• INFORMATION PROVIDED:

#####

(* Let $\Psi$ be an SP-expression in the $n\ge 1$ distinct variables $x_1,\dots,x_n$, let $\alpha$ be the SP-order on $X=\{x_1,\dots,x_n\}$ determined by $\Psi$, and let $\alpha^{*}$ be the SP-order determined by the dual expression $\Psi^{*}$. Define the quantitative entropy $H_q=\log_2|R(\alpha)|$, the positional entropy $H_p=\log_2|R(\alpha^{*})|$, and $H_{max}=\log_2(n!)$. Then $$H_p+H_q=H_{max},$$ equivalently $|R(\alpha)|\cdot|R(\alpha^{*})| = n!$.
   Context: All partial orders are finite. For posets $\alpha_1=(A_1,\sqsubseteq_1)$, $\alpha_2=(A_2,\sqsubseteq_2)$ with $A_1\cap A_2=\emptyset$, the series composition is $\alpha_1\otimes\alpha_2=(A_1\cup A_2,\ \sqsubseteq_1\cup\sqsubseteq_2\cup(A_1\times A_2))$ (every element of $\alpha_1$ lies below every element of $\alpha_2$) and the parallel composition is $\alpha_1\parallel\alpha_2=(A_1\cup A_2,\ \sqsubseteq_1\cup\sqsubseteq_2)$. An SP-expression is built from variables $x_i$ using the binary symbols $\otimes$ and $\parallel$ (with brackets), each variable occurring at most once. The SP-order determined by an SP-expression $\Psi$ is obtained by interpreting each variable $x_i$ as the one-element poset on $\{x_i\}$, each $\otimes$ as series composition and each $\parallel$ as parallel composition, evaluated according to the bracketing; its underlying set is the set of variables of $\Psi$. The dual expression $\Psi^{*}$ is obtained from $\Psi$ by interchanging every $\otimes$ with $\parallel$ and vice versa (e.g. the dual of $((x_1\otimes x_2)\parallel x_3)\otimes x_4$ is $((x_1\parallel x_2)\otimes x_3)\parallel x_4$). For a poset $\alpha=(X,\sqsubseteq)$ with $|X|=n$, its state space $R(\alpha)$ is the set of root states, i.e. bijections $l:X\to\{1,\dots,n\}$ that are increasing ($x\sqsubseteq y$, $x\neq y$ implies $l(x)<l(y)$); these are the topological sorts (linear extensions) of $\alpha$ up to isomorphism of labelings, the elements $x_1,\dots,x_n$ being distinguishable. In particular for the discrete (antichain) order $\Delta_n$ one has $|R(\Delta_n)|=n!$. *)

From mathcomp Require Import all_boot all_order all_fingroup.
Set Implicit Arguments. Unset Strict Implicit. Unset Printing Implicit Defensive.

#####

• TASK DIRECTIONS: Beginning at the line where "From mathcomp Require" appears, extract each line through the end of the data above; keep them exact and include nothing else.

• ANSWER SECTION:
From mathcomp Require Import all_boot all_order all_fingroup.
Set Implicit Arguments. Unset Strict Implicit. Unset Printing Implicit Defensive.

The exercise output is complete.